Most people managing diabetes are focused on the numbers they can measure: blood sugar readings, A1C levels, medication schedules. What is harder to track is what is happening inside your eyes. Diabetes does not just affect how your body processes sugar. It affects every blood vessel in your body, and nowhere are those vessels smaller or more vulnerable than in the retina at the back of your eye.

The difficult reality is that diabetic eye disease is often difficult to identify. You can have significant changes happening in your retina right now and have no symptoms at all. That is why, at Southside Medical Center, our optometry team treats the annual diabetic eye exam not as a routine checkbox but as one of the most important tools in your diabetes care.

How High Blood Sugar Damages Your Eyes

Over time, elevated blood glucose weakens and damages the tiny capillaries that supply blood to your retina, the light-sensitive tissue that lines the back of your eye and makes vision possible. When those vessels are damaged, they can leak, swell or grow in abnormal patterns. The result is a group of conditions collectively called diabetic eye disease, and they are more widespread than most patients realize. 

The Three Eye Conditions People with Diabetes Need to Know

Diabetes raises your risk for several distinct eye conditions, and they do not all work the same way. Some affect the retina, some affect the lens and some affect the optic nerve.

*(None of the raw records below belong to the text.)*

(* Let $n\ge 6$ be even. Then the largest $3\cdot|E_{n-2}|$ elements of $E_n$ are exactly the elements of $$\{x+2^{n-1}: x\in E_{n-2}\}\cup\{x+5\cdot 2^{n-3}: x\in E_{n-2}\}\cup\{x+3\cdot 2^{n-2}: x\in E_{n-2}\},$$ and in increasing order they consist of the elements of $E_{n-2}$ shifted by $2^{n-1}$, followed by those shifted by $5\cdot2^{n-3}$, followed by those shifted by $3\cdot 2^{n-2}$ (the last block ending at $M_n=2^n-1$).
   Context: Let $D$ (OEIS A036991) be the set of nonnegative integers $m$ such that, reading the binary expansion of $m$ from the least significant bit to the most significant bit, at every point the number of 1's read so far is at least the number of 0's read so far. For $n\ge1$ let $M_n=2^n-1$ and let the $n$-level be $E_n=D\cap(M_{n-1},M_n]$, i.e. the elements of $D$ whose binary expansion has exactly $n$ digits. *)

From mathcomp Require Import all_boot.
Set Implicit Arguments. Unset Strict Implicit. Unset Printing Implicit Defensive.

(* Binary expansion of m, least significant bit first (true = digit 1).
   The fuel m suffices since m./2 < m for m > 0; bits 0 = [::]. *)
Fixpoint bits_aux (fuel m : nat) : seq bool :=
  match fuel with
  | 0 => [::]
  | f.+1 => if m == 0 then [::] else odd m :: bits_aux f m./2
  end.
Definition bits (m : nat) : seq bool := bits_aux m m.

(* m \in D (OEIS A036991): reading the binary expansion from the LSB,
   at every point (#1's read so far) >= (#0's read so far). *)
Definition inD (m : nat) : bool :=
  let s := bits m in
  all (fun k => count negb (take k s) <= count id (take k s))
      (iota 0 (size s).+1).

Definition M (n : nat) : nat := 2 ^ n - 1.

Definition inE (n m : nat) : bool := [&& M n.-1 < m, m <= M n & inD m].

Definition Eseq (n : nat) : seq nat := [seq m <- iota 0 (M n).+1 | inE n m].

From Pilot Require Import Defs.
From mathcomp Require Import all_boot.
From mathcomp Require Import zify.

(* Write n = a + 3 with a odd.  Each m in [c 2^a, (c + 1) 2^a) with c in
   {5, 6, 7} is y + c 2^a with y < 2^a, and its binary expansion (least
   significant bit first) is the a low bits of y followed by the expansion
   101, 011 or 111 of c.  A ballot word of odd length a has strictly more 1's
   than 0's, so it absorbs the single surplus 0 these suffixes can create:
   y + c 2^a lies in D iff y + 2^a does, i.e. iff y + 2^a lies in E_{n-2}.
   Hence the top three eighths of [0, 2^n) contribute three shifted copies of
   E_{n-2}, and M_n, whose expansion is all 1's, ends E_n. *)

Lemma bits_aux_fuel f g m : m <= f -> m <= g -> bits_aux f m = bits_aux g m.
Proof.
elim: f g m => [|f IHf] [|g] m /= le_mf le_mg //; try by case: m le_mf le_mg.
case: eqP => // /eqP m_neq0; congr (_ :: _); apply: IHf; rewrite -divn2; lia.
Qed.

Lemma bits_gt0 m : 0 < m -> bits m = odd m :: bits m./2.
Proof.
case: m => // m _; rewrite [LHS]/bits [LHS]/=; congr (_ :: _).
apply: bits_aux_fuel => //.
by rewrite uphalf_half -[leqRHS]odd_double_half -addnn leq_add2l leq_addr.
Qed.

Fixpoint low_bits k m := if k is k'.+1 then odd m :: low_bits k' m./2 else [::].

Lemma size_low_bits k m : size (low_bits k m) = k.
Proof. by elim: k m => //= k IHk m; rewrite IHk. Qed.

Lemma bits_shift a y c : 0 < c -> y < 2 ^ a ->
  bits (y + c * 2 ^ a) = low_bits a y ++ bits c.
Proof.
move=> c_gt0; elim: a y => [|a IHa] y y_lt.
  by move: y_lt; rewrite expn0 ltnS leqn0 => /eqP->; rewrite add0n muln1.
have -> : y + c * 2 ^ a.+1 = odd y + (y./2 + c * 2 ^ a).*2.
  by have := odd_double_half y; rewrite expnS -!muln2; lia.
rewrite bits_gt0 ?half_bit_double ?IHa; last 2 first.
- by rewrite -divn2; rewrite expnS in y_lt; lia.
- by rewrite addn_gt0 double_gt0 addn_gt0 muln_gt0 c_gt0 expn_gt0 !orbT.
by rewrite oddD odd_double oddb addbF.
Qed.

Lemma bits_mask n : bits (2 ^ n - 1) = nseq n true.
Proof.
elim: n => // n IHn; have pow_gt0 : 0 < 2 ^ n by rewrite expn_gt0.
have -> : 2 ^ n.+1 - 1 = true + (2 ^ n - 1).*2 by rewrite expnS; lia.
by rewrite bits_gt0 ?half_bit_double ?IHn // oddD odd_double.
Qed.

Definition ballot (d : nat) (s : seq bool) :=
  all (fun k => count negb (take k s) <= d + count id (take k s))
      (iota 0 (size s).+1).

Lemma inD_ballot m : inD m = ballot 0 (bits m).
Proof. by []. Qed.

Lemma ballotP d s :
  reflect (forall k, count negb (take k s) <= d + count id (take k s))
          (ballot d s).
Proof.
apply: (iffP allP) => [prefix_ok k | prefix_ok k _]; last exact: prefix_ok.
have [le_ks | lt_sk] := leqP k (size s); first by apply: prefix_ok; rewrite mem_iota.
rewrite take_oversize ?(ltnW lt_sk) //.
by rewrite -(take_size s) prefix_ok // mem_iota add0n ltnS leqnn.
Qed.

Lemma ballot_odd_lead s : ballot 0 s -> odd (size s) ->
  (count negb s).+1 <= count id s.
Proof.
move=> /ballotP/(_ (size s)); rewrite take_size add0n leq_eqVlt => /orP[/eqP eq_count|//].
by rewrite -(count_predC id s) -eq_count addnn odd_double.
Qed.

Lemma ballot_cat_odd s t : odd (size s) -> ballot 1 t ->
  ballot 0 (s ++ t) = ballot 0 s.
Proof.
move=> odd_s /ballotP t_ok; apply/ballotP/idP => [st_ok | s_ballot k].
  apply/ballotP => k; have [lt_ks | le_sk] := ltnP k (size s).
    by have := st_ok k; rewrite take_cat lt_ks.
  by have := st_ok (size s); rewrite take_cat ltnn subnn take0 cats0 take_oversize.
have lead_s := ballot_odd_lead s s_ballot odd_s.
rewrite take_cat; case: ltnP => _; first exact: (ballotP _ _ s_ballot).
by have := t_ok (k - size s); rewrite !count_cat; lia.
Qed.

Lemma inD_shift a y c : odd a -> y < 2 ^ a -> 0 < c -> ballot 1 (bits c) ->
  inD (y + c * 2 ^ a) = inD (y + 2 ^ a).
Proof.
move=> odd_a y_lt c_gt0 c_ballot; rewrite -[2 ^ a in RHS]mul1n !inD_ballot.
by rewrite !bits_shift // !ballot_cat_odd ?size_low_bits.
Qed.

Lemma M_succ n : (M n).+1 = 2 ^ n.
Proof. by rewrite /M subn1 prednK ?expn_gt0. Qed.

Lemma inE_level n m : 2 ^ n.-1 <= m < 2 ^ n -> Defs.inE n m = inD m.
Proof. by rewrite /Defs.inE -[m <= M n]ltnS !M_succ => /andP[-> ->]. Qed.

Lemma filter_level_iota n lo k : 2 ^ n.-1 <= lo -> lo + k <= 2 ^ n ->
  [seq m <- iota lo k | Defs.inE n m] = [seq y + lo | y <- iota 0 k & inD (y + lo)].
Proof.
move=> lo_ge lo_le; rewrite -[lo in iota lo]addn0 iotaDl filter_map (eq_map (addnC lo)).
congr map; apply: eq_in_filter => y; rewrite mem_iota /= => y_lt.
by rewrite addnC inE_level //; apply/andP; split; lia.
Qed.

Lemma Eseq_succ a : Eseq a.+1 = [seq y + 2 ^ a | y <- iota 0 (2 ^ a) & inD (y + 2 ^ a)].
Proof.
rewrite /Eseq M_succ expnS mul2n -addnn iotaD filter_cat add0n.
rewrite (@filter_level_iota _ (2 ^ a)) //; last by rewrite addnn -mul2n expnS.
rewrite (@eq_in_filter _ _ pred0) ?filter_pred0 // => m.
rewrite mem_iota add0n => /andP[_ m_lt].
by rewrite /Defs.inE ltnNge (_ : m <= M a) // -ltnS M_succ.
Qed.

Lemma Eseq_top_block a c : odd a -> c \in [:: 5; 6; 7] ->
  [seq m <- iota (c * 2 ^ a) (2 ^ a) | Defs.inE a.+3 m] =
  [seq x + c.-1 * 2 ^ a | x <- Eseq a.+1].
Proof.
move=> odd_a c_top; have [c_ge5 c_lt8 c_ballot] : [/\ 5 <= c, c < 8 & ballot 1 (bits c)].
  by move: c_top; rewrite !inE => /or3P[] /eqP->.
rewrite filter_level_iota /=; [| by rewrite !expnS; nia ..].
rewrite Eseq_succ -map_comp (@eq_in_filter _ _ (fun y => inD (y + 2 ^ a))).
  by apply: eq_map => y /=; rewrite -addnA -mulSn prednK //; lia.
by move=> y; rewrite mem_iota => y_lt; apply: inD_shift => //; lia.
Qed.

Lemma Eseq_top_blocks a : odd a -> Eseq a.+3 =
  [seq m <- iota 0 (5 * 2 ^ a) | Defs.inE a.+3 m] ++
  [seq x + 4 * 2 ^ a | x <- Eseq a.+1] ++
  [seq x + 5 * 2 ^ a | x <- Eseq a.+1] ++
  [seq x + 6 * 2 ^ a | x <- Eseq a.+1].
Proof.
move=> odd_a; have top_split : 2 ^ a.+3 = 5 * 2 ^ a + 2 ^ a + 2 ^ a + 2 ^ a.
  by rewrite !expnS; lia.
rewrite {1}/Eseq M_succ top_split !iotaD !filter_cat -!catA add0n -!mulSnr.
by rewrite !Eseq_top_block.
Qed.

Lemma inD_M n : inD (M n).
Proof.
rewrite inD_ballot /M bits_mask; apply/ballotP => k.
have [le_kn | /ltnW le_nk] := leqP k n.
  by rewrite take_nseq // count_nseq.
by rewrite take_oversize ?size_nseq // count_nseq.
Qed.

Lemma Eseq_last n : 0 < n -> last 0 (Eseq n) = M n.
Proof.
move=> n_gt0; rewrite /Eseq -addn1 iotaD filter_cat add0n /= inE_level ?inD_M.
  by rewrite cats1 last_rcons.
case: n n_gt0 => // n _; rewrite /M expnS /=.
have pow_gt0 : 0 < 2 ^ n by rewrite expn_gt0.
lia.
Qed.

Theorem proposition8 (n : nat) :
  6 <= n -> ~~ odd n ->
  3 * size (Eseq (n - 2)) <= size (Eseq n) /\
  drop (size (Eseq n) - 3 * size (Eseq (n - 2))) (Eseq n) =
    [seq x + 2 ^ (n - 1) | x <- Eseq (n - 2)] ++
    [seq x + 5 * 2 ^ (n - 3) | x <- Eseq (n - 2)] ++
    [seq x + 3 * 2 ^ (n - 2) | x <- Eseq (n - 2)] /\
  last 0 (Eseq n) = M n.
Proof.
move=> n_ge6 n_even; have [a n_eq] : exists a, n = a.+3 by exists (n - 3); lia.
subst n; have odd_a : odd a by move: n_even; rewrite /= !negbK.
have -> : 2 ^ (a.+3 - 1) = 4 * 2 ^ a by rewrite subn1 !expnS mulnA.
have -> : 3 * 2 ^ (a.+3 - 2) = 6 * 2 ^ a by rewrite !subSS subn0 expnS mulnA.
rewrite !subSS !subn0 Eseq_last // Eseq_top_blocks // !size_cat !size_map.
set L := [seq m <- _ | _]; set k := size (Eseq a.+1).
split; first lia.
by rewrite (_ : _ - 3 * k = size L) ?drop_size_cat //; lia.
Qed.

What they share is a tendency to develop without warning signs, which makes understanding them worthwhile even before you have any reason to be concerned.

Diabetic Retinopathy

Diabetic retinopathy is the most common complication of diabetes and the leading cause of vision loss among working-age adults in the U.S. According to the CDC, About one in four people living with diabetes in the United States have it, and the number of adults over 40 affected has more than doubled since 2004. 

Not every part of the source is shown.